Does Everyone Need One Gram Per Pound of Protein?

Back in the nineties consuming one gram of protein per pound of body weight was the law of the land, but what we have learned over the last 30 years is that protein requirements really all come down to your specific goal.

This is one area of nutrition where I have changed my mind considerably in the last ten years, and I am currently unsure if the body recomposition protein number below will be tempered down into the 1.6 to 1.8 g/kg window. Honestly, I wouldn't even want to place a bet on how it will shake out.

Maximizing Muscle Gain:

If your goal is to maximize muscle gain, you likely want to be consuming at least 1.6-1.8 g/kg per day of protein, but more than that is unlikely to help you gain more muscle in the vast majority of circumstances. (It is plausible that being more trained may actually lower the amount of protein you need to still make optimal gains. This is essentially because you would be not be breaking down and building muscle to the same degree as someone who just started training, but the evidence here is limited and there is no real physiologic downside to covering your bets at 1.6 to 1.8 g/kg or even higher in a gain phase - unless overeating protein prevents you from getting into and staying in a caloric surplus. Conversely, those who are new to training who are potentially tearing down and building a significant amount of muscle mass may need slightly more protein...so one could make an argument that protein needs may decrease slightly as individuals become more trained.) [1-5].

Body Recomposition:

If your goal is to gain muscle while simultaneously losing body fat, it looks like you need to be hitting at least 2.2 g/kg per day of protein; however, we don’t have any studies directly testing ~1.6-1.8 g/kg yet, and while that amount may work, we just don’t know [6-8]. (If you are into protein by LBM...Longland et al., 2016 was around 3.4 g/kg LBM [6])

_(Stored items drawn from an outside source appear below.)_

(* Let $\Phi$ be a join doctrine. (a) For every $\Phi$-suplattice $X$ with least element $\bot$, $\bot$ is $\Phi$-compact iff the empty poset is not in $\Phi$; in particular this applies to $0\in\mathbb{I}$. (b) If $\omega\in\Phi$, then no $r>0$ is $\Phi$-compact in $\mathbb{I}$. If $\omega\notin\Phi$, then: (i) for every $\phi\in\Phi$ and every sequence $x_0,x_1,\dots\in\phi$ there are indices $i_0<i_1<\cdots$ such that $\{x_{i_0},x_{i_1},\dots\}$ has an upper bound in $\phi$; in particular every increasing sequence $x_0\le x_1\le\cdots$ in $\phi$ has an upper bound in $\phi$; (ii) every $\Phi$-continuous $\Phi$-suplattice $X$ which also has joins of countable increasing sequences is $\Phi$-algebraic, and the join of any sequence $x_0\ll x_1\ll\cdots$ in $X$ is $\Phi$-compact; in particular every $r>0$ is $\Phi$-compact in $\mathbb{I}$.
   Context: A join doctrine is a class $\Phi$ of posets such that: (1) the one-element poset is in $\Phi$; (2) if a poset $P$ is the union of a set $\mathcal{S}$ of subposets each in $\Phi$ and $\mathcal{S}$ (ordered by inclusion) is in $\Phi$, then $P\in\Phi$; (3) if $f:P\to Q$ is monotone with cofinal image and $P\in\Phi$ then $Q\in\Phi$; (4) cofinal subposets of members of $\Phi$ are in $\Phi$. For a poset $X$, $\Phi(X)$ is the set of lower subsets of $X$ which, as subposets, belong to $\Phi$. A $\Phi$-join is a join of a subset belonging to $\Phi$; a $\Phi$-suplattice is a poset with all $\Phi$-joins. $\Downarrow x:=\bigcap\{\phi\in\Phi(X)\mid x\le\bigvee\phi\}$; $y\ll x$ iff $y\in\Downarrow x$; $x$ is $\Phi$-compact if $x\ll x$. $X$ is $\Phi$-continuous if for each $x$ there is $\phi\in\Phi(X)$ with $\phi\subseteq\Downarrow x$ and $x\le\bigvee\phi$; $\Phi$-algebraic if the smallest subset containing the $\Phi$-compact elements and closed under $\Phi$-joins is $X$. $\mathbb{I}=[0,1]$ with usual order; $\omega$ = natural numbers with usual order. *)

From Stdlib Require Import Reals Lra ProofIrrelevance FunctionalExtensionality PropExtensionality.
Open Scope R_scope.

Record poset := Poset {
  car :> Type;
  le : car -> car -> Prop;
  le_refl : forall x, le x x;
  le_trans : forall x y z, le x y -> le y z -> le x z;
  le_antisym : forall x y, le x y -> le y x -> x = y
}.
Arguments le {p} _ _.

Definition sub (P : poset) (A : P -> Prop) : poset.
Proof.
  refine (@Poset {x : P | A x} (fun a b => le (proj1_sig a) (proj1_sig b)) _ _ _).
  - intros [x hx]; apply le_refl.
  - intros [x hx] [y hy] [z hz]; simpl; apply le_trans.
  - intros [x hx] [y hy]; simpl; intros h1 h2.
    pose proof (le_antisym _ x y h1 h2) as e; subst y.
    f_equal; apply proof_irrelevance.
Defined.

Definition incl_poset (P : poset) (S : (P -> Prop) -> Prop) : poset.
Proof.
  refine (@Poset {A : P -> Prop | S A}
            (fun A B => forall x, proj1_sig A x -> proj1_sig B x) _ _ _).
  - intros [A hA] x h; exact h.
  - intros [A hA] [B hB] [C hC]; simpl; auto.
  - intros [A hA] [B hB]; simpl; intros h1 h2.
    assert (e : A = B).
    { apply functional_extensionality; intro x;
      apply propositional_extensionality; split; auto. }
    subst B; f_equal; apply proof_irrelevance.
Defined.

Definition one_poset : poset.
Proof.
  refine (@Poset unit (fun _ _ => True) _ _ _); auto.
  intros [] [] _ _; reflexivity.
Defined.

Definition empty_poset : poset.
Proof.
  refine (@Poset Empty_set (fun _ _ => True) _ _ _); auto.
  intros [].
Defined.

Definition omega : poset.
Proof.
  refine (@Poset nat Nat.le _ _ _).
  - intros; apply Nat.le_refl.
  - intros x y z; apply Nat.le_trans.
  - intros x y; apply Nat.le_antisymm.
Defined.

Definition unit_interval : poset.
Proof.
  refine (@Poset {r : R | 0 <= r <= 1} (fun a b => proj1_sig a <= proj1_sig b) _ _ _).
  - intros [r hr]; simpl; lra.
  - intros [x hx] [y hy] [z hz]; simpl; lra.
  - intros [x hx] [y hy]; simpl; intros h1 h2.
    assert (e : x = y) by lra. subst y; f_equal; apply proof_irrelevance.
Defined.

Definition cofinal (P : poset) (A : P -> Prop) : Prop :=
  forall x : P, exists y, A y /\ le x y.

Definition monotone (P Q : poset) (f : P -> Q) : Prop :=
  forall x y, le x y -> le (f x) (f y).

Record join_doctrine (Phi : poset -> Prop) : Prop := {
  jd_one : Phi one_poset;
  jd_union : forall (P : poset) (S : (P -> Prop) -> Prop),
      (forall x : P, exists A, S A /\ A x) ->
      (forall A, S A -> Phi (sub P A)) ->
      Phi (incl_poset P S) -> Phi P;
  jd_image : forall (P Q : poset) (f : P -> Q),
      monotone P Q f -> (forall y : Q, exists x, le y (f x)) -> Phi P -> Phi Q;
  jd_cofinal : forall (P : poset) (A : P -> Prop),
      cofinal P A -> Phi P -> Phi (sub P A)
}.

Definition lower_set (X : poset) (A : X -> Prop) : Prop :=
  forall x y : X, A y -> le x y -> A x.

Definition PhiX (Phi : poset -> Prop) (X : poset) (A : X -> Prop) : Prop :=
  lower_set X A /\ Phi (sub X A).

Definition is_join (X : poset) (A : X -> Prop) (s : X) : Prop :=
  (forall a, A a -> le a s) /\ (forall u, (forall a, A a -> le a u) -> le s u).

Definition Phi_suplattice (Phi : poset -> Prop) (X : poset) : Prop :=
  forall A : X -> Prop, Phi (sub X A) -> exists s, is_join X A s.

Fat Loss without Losing Muscle:

If your goal is fat loss and muscle maintenance, you may be able to take protein intake as low as ~1.0-1.2 g/kg with a lot of training on board [6, 9-11]. However, if you are highly trained with a significant amount of muscle it is likely in your best interest to stay above 1.6-1.8 g/kg during a cutting phase and, in my opinion, although it is potentially unlikely, in some circumstances why not try to shoot the moon and recomp anyways (this likely becomes increasingly less and less likely the leaner and more trained someone becomes) [12-16].

Weight and Muscle Maintenance with Endurance Training:

If you are not looking to lose or gain weight and just want to maintain muscle mass and you are into endurance training, you likely want to stay above 1.2 g/kg and with higher endurance training volumes you may want to keep it above 1.4 to 1.6 g/kg [17-19].

Weight and Muscle Maintenance for Life:

If you are not looking to lose or gain weight and just want to maintain muscle mass for functionality throughout the life course, and you are under the age of 60, you may be able to take your protein intake as low as 1.0 g/kg [20]. If you are over the age of 60, 1.2 g/kg per day is the lowest I would comfortably go [20, 21].

Those last three are probably significantly lower than most people in the nutrition and fitness world expected and I truly do embrace these lower amounts because they honestly give us more freedom to find individualized options that work better for more people!

All of the above scenarios are framed with the assumption that individuals are consuming high-quality, complete protein sources and strenuously fighting gravity (ideally through resistance training) multiple times per week. Vegan diets would likely need more protein while being mindful of food combinations to ensure a complete amino acid profile with enough leucine [20, 22]. However, with cooking and fermentation techniques [23, 24] coupled with food selection [25], it is very likely possible to meet these requirements with only plants.

As we have discussed previously HERE, without exercise the weight you lose on a diet will likely be 22-46% muscle [26, 27], and it does not appear that any amount of additional protein without exercise is going to completely attenuate muscle loss on a diet [28-32].

Additionally, without exercise, you will progressively lose strength and muscle mass as you age. However, with exercise, it is possible to maintain muscle mass throughout the life course [33, 34].

Finally, you don’t gain significant amounts of functional muscular tissue just by eating more protein. You have to challenge the system with resistance training and a program that invokes progressive overload.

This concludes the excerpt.